That size of tyre is quite common.. Personaly for a little extra I would fit a better quality tyre. There are plenty to choose from, lots of Japanese and European Producers including the UK.

Toyo As an Example

Check out the web for some deals and then try calling your local fitter who should be able to give you a fair price. Better fit four quality tyres, the only thing between you and the road.

Trev


----------



## Jezport

Gixer-Mark said:


> Really appreciate what your saying Jazport but to be honest, we won't be doing more than 2 - 3,000 miles per annum ( full time working etc, etc ) and won't be venturing abroad at least for the next 2 years.
> 
> Spoken to tyre seller who can get me various other makes for a similar price but he swears by NanKangs so bit of a dilemma for me but ............
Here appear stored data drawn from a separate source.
(* Let $(T,\sigma,w)$ be an alternatingly weighted tree with vertices $v_1,\dots,v_g$ (in an arbitrary order). Then the matrix $\mathrm{Mat}(T)$ is effective, i.e. all nonzero terms $\mathrm{sgn}(\tau)\,m_{1\tau(1)}\cdots m_{g\tau(g)}$ ($\tau\in S_g$) in the expansion $\det(\mathrm{Mat}(T))=\sum_{\tau\in S_g}\mathrm{sgn}(\tau)m_{1\tau(1)}\cdots m_{g\tau(g)}$ have the same sign.
   Context: An alternatingly weighted tree $(T,\sigma,w)$ consists of: a finite graph $T$ that is a disjoint union of trees, with vertex set $V(T)$; a map $\sigma:V(T)\to\{\pm1\}$ such that $\sigma(v_1)=-\sigma(v_2)$ whenever $v_1,v_2$ are joined by an edge; and a map $w:V(T)\to\{0,1,\infty\}$. For each vertex $v_i$ write $w(v_i)=a(i)/b(i)$ with $(a(i),b(i))=(1,1)$ if $w(v_i)=1$, $(0,1)$ if $w(v_i)=0$, and $(1,0)$ if $w(v_i)=\infty$. The $g\times g$ matrix $\mathrm{Mat}(T)=(m_{ij})$ has diagonal entries $m_{ii}=\sigma(v_i)a(i)$; for each edge joining $v_i$ and $v_j$ with $i<j$, $m_{ij}=b(i)$ and $m_{ji}=b(j)$; all other entries are $0$. A square matrix is called effective if all nonzero terms of its determinant expansion have constant sign (all positive or all negative). *)

From mathcomp Require Import all_boot all_order all_algebra all_fingroup.
Set Implicit Arguments. Unset Strict Implicit. Unset Printing Implicit Defensive.
Import Order.TTheory GRing.Theory Num.Theory.
Local Open Scope ring_scope.

Inductive weight := W0 | W1 | Winf.

(* w = a/b with (a,b) = (0,1), (1,1), (1,0). *)
Definition wnum (x : weight) : int :=
  match x with W0 => 0 | W1 => 1 | Winf => 1 end.
Definition wden (x : weight) : int :=
  match x with W0 => 1 | W1 => 1 | Winf => 0 end.

(* A simple graph on 'I_g given by a symmetric irreflexive relation is a
   forest (disjoint union of trees) iff it has no cycle, i.e. no
   duplicate-free closed walk of length >= 3. *)
Definition is_forest (g : nat) (e : rel 'I_g) : Prop :=
  symmetric e /\ irreflexive e /\
  forall c : seq 'I_g, uniq c -> (2 < size c)%N -> ~~ path.cycle e c.

(* Alternatingly weighted tree on vertex set 'I_g (v_(i+1) <-> i). *)
Definition alt_weighted_tree (g : nat) (e : rel 'I_g)
    (sigma : 'I_g -> int) : Prop :=
  is_forest e /\
  (forall i, sigma i = 1 \/ sigma i = -1) /\
  (forall i j, e i j -> sigma i = - sigma j).

(* Mat(T): diagonal sigma(v_i) a(i); for an edge {v_i,v_j}, i<j,
   m_ij = b(i), m_ji = b(j), i.e. the (i,j) entry is b(i) whenever i,j adjacent;
   other entries 0. *)
Definition MatT (g : nat) (e : rel 'I_g) (sigma : 'I_g -> int)
    (w : 'I_g -> weight) : 'M[int]_g :=
  \matrix_(i, j)
    if i == j then sigma i * wnum (w i)
    else if e i j then wden (w i) else 0.

Definition det_term (n : nat) (A : 'M[int]_n) (tau : 'S_n) : int :=
  (-1) ^+ tau * \prod_(i < n) A i (tau i).

(* Effective: all nonzero terms of the determinant expansion have the same
   sign (equivalently: no two terms have strictly opposite signs). *)
Definition effective (n : nat) (A : 'M[int]_n) : Prop :=
  forall tau tau' : 'S_n, 0 <= det_term A tau * det_term A tau'.

From mathcomp Require Import all_boot all_order all_algebra all_fingroup.
Set Implicit Arguments. Unset Strict Implicit. Unset Printing Implicit Defensive.
Import Order.TTheory GRing.Theory Num.Theory.
Local Open Scope ring_scope.

(* A permutation tau with a nonzero term moves every vertex to a neighbour, so
   on a forest it has no cycle of length >= 3: tau is a product of disjoint
   transpositions along edges.  Since sigma alternates along edges, the factor
   sigma_i sigma_(tau i) = -1 of each transposition cancels its sign; at fixed
   points sigma_i m_ii = sigma_i^2 a(i) >= 0, and the off-diagonal entries b(i)
   are >= 0.  Hence (prod_i sigma_i) * term(tau) >= 0 for every tau, and since
   prod_i sigma_i = +-1, all nonzero terms have the same sign. *)

Lemma forest_perm_involutive (g : nat) (e : rel 'I_g) (t : 'S_g) :
  is_forest e -> (forall i, t i != i -> e i (t i)) -> involutive t.
Proof.
move=> [_ [_ no_cycle]] t_edge i; apply/eqP/negP => /negP t2i.
have t_inj : injective t := @perm_inj _ t.
have ti : t i != i by apply: contraNneq t2i => tiE; rewrite !tiE.
have orbit_moved : all (fun x => t x != x) (fingraph.orbit t i).
  apply/allP => x; rewrite -fconnect_orbit (fconnect_sym t_inj) => /iter_findex.
  by move=> xi; apply: contraNneq ti => tx; rewrite -xi iter_fix // tx.
have orbit_cycle : path.cycle e (fingraph.orbit t i).
  apply: sub_in_cycle orbit_moved (cycle_orbit t_inj i).
  by move=> x y x_moved _ /eqP <-; apply: t_edge.
have orbit_long : (2 < size (fingraph.orbit t i))%N.
  rewrite size_orbit; have := iter_order t_inj i.
  case: (fingraph.order t i) (fingraph.order_gt0 t i) => [|[|[|n]]] //= _ it.
    by move: ti; rewrite it eqxx.
  by move: t2i; rewrite it eqxx.
by move: (no_cycle _ (orbit_uniq t i) orbit_long); rewrite orbit_cycle.
Qed.

Section SplitTransposition.
Variables (n : nat) (t : 'S_n) (i : 'I_n).
Hypothesis t_inv : involutive t.

Let t' := (t * tperm i (t i))%g.

Lemma mul_tperm_fixed1 : t' i = i.
Proof. by rewrite permM tpermR. Qed.

Lemma mul_tperm_fixed2 : t' (t i) = t i.
Proof. by rewrite permM t_inv tpermL. Qed.

Lemma mul_tperm_out x : x != i -> x != t i -> t' x = t x.
Proof.
move=> xi xti; rewrite permM tpermD //.
  by apply: contraNneq xti => itx; rewrite itx t_inv.
by apply: contraNneq xi => titx; rewrite -[x]t_inv -titx t_inv.
Qed.

Lemma moved_mul_tperm x :
  (t' x != x) = [&& t x != x, x != i & x != t i].
Proof.
have [->|xi] := eqVneq x i; first by rewrite mul_tperm_fixed1 eqxx andbF.
have [->|xti] := eqVneq x (t i); first by rewrite mul_tperm_fixed2 eqxx !andbF.
by rewrite mul_tperm_out //= andbT.
Qed.

Lemma involutive_mul_tperm : involutive t'.
Proof.
move=> x; have [->|xi] := eqVneq x i; first by rewrite !mul_tperm_fixed1.
have [->|xti] := eqVneq x (t i); first by rewrite !mul_tperm_fixed2.
rewrite (mul_tperm_out xi xti) mul_tperm_out ?t_inv //.
  by apply: contraNneq xti => <-; rewrite t_inv.
by apply: contraNneq xi => /perm_inj ->.
Qed.

End SplitTransposition.

(* Induction on the number of moved points, splitting off one transposition. *)
Lemma prod_moved_alternating (R : comRingType) (n : nat) (s : 'I_n -> R)
    (t : 'S_n) :
  (forall i, s i ^+ 2 = 1) -> involutive t ->
  (forall i, t i != i -> s (t i) = - s i) ->
  \prod_(i | t i != i) s i = (-1) ^+ t.
Proof.
move=> s_sq; move: {2}_.+1 (ltnSn #|[pred i | t i != i]|) => k.
elim: k t => // k IH t moved_lt t_inv s_alt.
have [i /= ti|fixed] := pickP [pred i | t i != i]; last first.
  have -> : t = 1%g by apply/permP => x; rewrite perm1; apply/eqP/negbFE/fixed.
  by rewrite odd_perm1 big_pred0 // => x; rewrite perm1 eqxx.
pose t' := (t * tperm i (t i))%g.
have moved' := moved_mul_tperm i t_inv.
have t'_inv : involutive t' := involutive_mul_tperm i t_inv.
have s_alt' x : t' x != x -> s (t' x) = - s x.
  by rewrite moved' => /and3P [tx xi xti]; rewrite mul_tperm_out // s_alt.
have moved_lt' : (#|[pred x | t' x != x]| < k)%N.
  apply: leq_trans (ltnSE moved_lt); apply/proper_card/properP; split.
    by apply/subsetP => x; rewrite !inE moved' => /andP [].
  by exists i; rewrite !inE ?moved' ?eqxx ?andbF.
rewrite (bigD1 i) // (bigD1 (t i)) /=; last by rewrite t_inv eq_sym ti.
rewrite (eq_bigl (fun x => t' x != x)); last by move=> x; rewrite moved' andbA.
rewrite IH // s_alt // mulrA mulrN -expr2 s_sq mulN1r.
by rewrite odd_permM odd_tperm eq_sym ti signr_addb mulrN1 opprK.
Qed.

Lemma det_term_scaled_ge0 (n : nat) (A : 'M[int]_n) (s : 'I_n -> int)
    (t : 'S_n) :
  \prod_(i | t i != i) s i = (-1) ^+ t ->
  (forall i, t i != i -> 0 <= A i (t i)) ->
  (forall i, t i == i -> 0 <= s i * A i i) ->
  0 <= (\prod_i s i) * det_term A t.
Proof.
move=> s_moved A_moved A_fixed.
rewrite /det_term (bigID (fun i => t i != i)) /= s_moved mulrCA !mulrA.
rewrite -expr2 sqrr_sign mul1r.
rewrite (bigID (fun i => t i != i) _ (fun i => A i _)) /= mulrCA -big_split /=; apply: mulr_ge0; apply: prodr_ge0 => i.
  exact: A_moved.
by move=> /negbNE fixed; rewrite (eqP fixed); apply: A_fixed.
Qed.

Lemma ge0_mul_of_scaled_ge0 (R : numDomainType) (c x y : R) :
  c ^+ 2 = 1 -> 0 <= c * x -> 0 <= c * y -> 0 <= x * y.
Proof.
by move=> c_sq cx cy; rewrite -[x * y]mul1r -c_sq expr2 mulrACA mulr_ge0.
Qed.

Section MatTEntries.
Variables (g : nat) (e : rel 'I_g) (sigma : 'I_g -> int) (w : 'I_g -> weight).

Lemma MatT_offdiag_ge0 i j : i != j -> 0 <= MatT e sigma w i j.
Proof. by move=> /negbTE ij; rewrite mxE ij; case: (e i j); case: (w i). Qed.

Lemma MatT_neq0_edge i j : i != j -> MatT e sigma w i j != 0 -> e i j.
Proof. by move=> /negbTE ij; rewrite mxE ij; case: (e i j); rewrite ?eqxx. Qed.

Lemma MatT_diag_scaled_ge0 i :
  sigma i ^+ 2 = 1 -> 0 <= sigma i * MatT e sigma w i i.
Proof. by move=> sq; rewrite mxE eqxx mulrA -expr2 sq mul1r; case: (w i). Qed.

Lemma alt_weighted_tree_sqr i : alt_weighted_tree e sigma -> sigma i ^+ 2 = 1.
Proof.
by move=> [_ [sigma_unit _]]; case: (sigma_unit i) => ->; rewrite ?sqrrN expr1n.
Qed.

Lemma MatT_det_term_scaled_ge0 (t : 'S_g) :
  alt_weighted_tree e sigma ->
  0 <= (\prod_i sigma i) * det_term (MatT e sigma w) t.
Proof.
move=> tree; have [forest [_ sigma_alt]] := tree.
have [zero|/prodf_neq0 nonzero] := eqVneq (\prod_i MatT e sigma w i (t i)) 0.
  by rewrite /det_term zero !mulr0.
have t_edge i : t i != i -> e i (t i).
  by move=> ti; apply: MatT_neq0_edge; rewrite ?nonzero // eq_sym.
apply: det_term_scaled_ge0.
- apply: prod_moved_alternating.
  + by move=> i; apply: alt_weighted_tree_sqr tree.
  + exact: forest_perm_involutive t_edge.
  + by move=> i /t_edge /sigma_alt ->; rewrite opprK.
- by move=> i ti; apply: MatT_offdiag_ge0; rewrite eq_sym.
- by move=> i _; apply/MatT_diag_scaled_ge0/(alt_weighted_tree_sqr i tree).
Qed.

End MatTEntries.

Theorem proposition5p1 (g : nat) (e : rel 'I_g) (sigma : 'I_g -> int)
    (w : 'I_g -> weight) :
  alt_weighted_tree e sigma -> effective (MatT e sigma w).
Proof.
move=> tree t t'; apply: (@ge0_mul_of_scaled_ge0 _ (\prod_i sigma i)).
- by rewrite -prodrXl; apply: big1 => i _; apply: alt_weighted_tree_sqr tree.
- exact: MatT_det_term_scaled_ge0.
- exact: MatT_det_term_scaled_ge0.
Qed.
Maybe the seller earns more margin on them. But they really were a poor tyre when I used them.

Not wanting to sound rude, but why ask on the forum if you are going to ignore advice? You have had 2 members say that they have used them and would not do so again, is that not enough to put you off?

I took them off after 4000 miles as they were well worn and the grip was very poor especially on cornering and in the wet. I changed to a relatively cheap Khumo and the difference in handling was amazing.

The choice is yours, but don't forget sometimes you can be penny wise and pound foolish.

Regards
Jez


----------



## Jean-Luc

Have a look at these Mark. My MH is currently on Michelin CampingCar which are coming due for replacement, I have been quoted €150 each for the Conti's, a good price for here AND top brand quality.

Colin


----------



## macone48

Mark,

Been there, didn't get the tee shirt !!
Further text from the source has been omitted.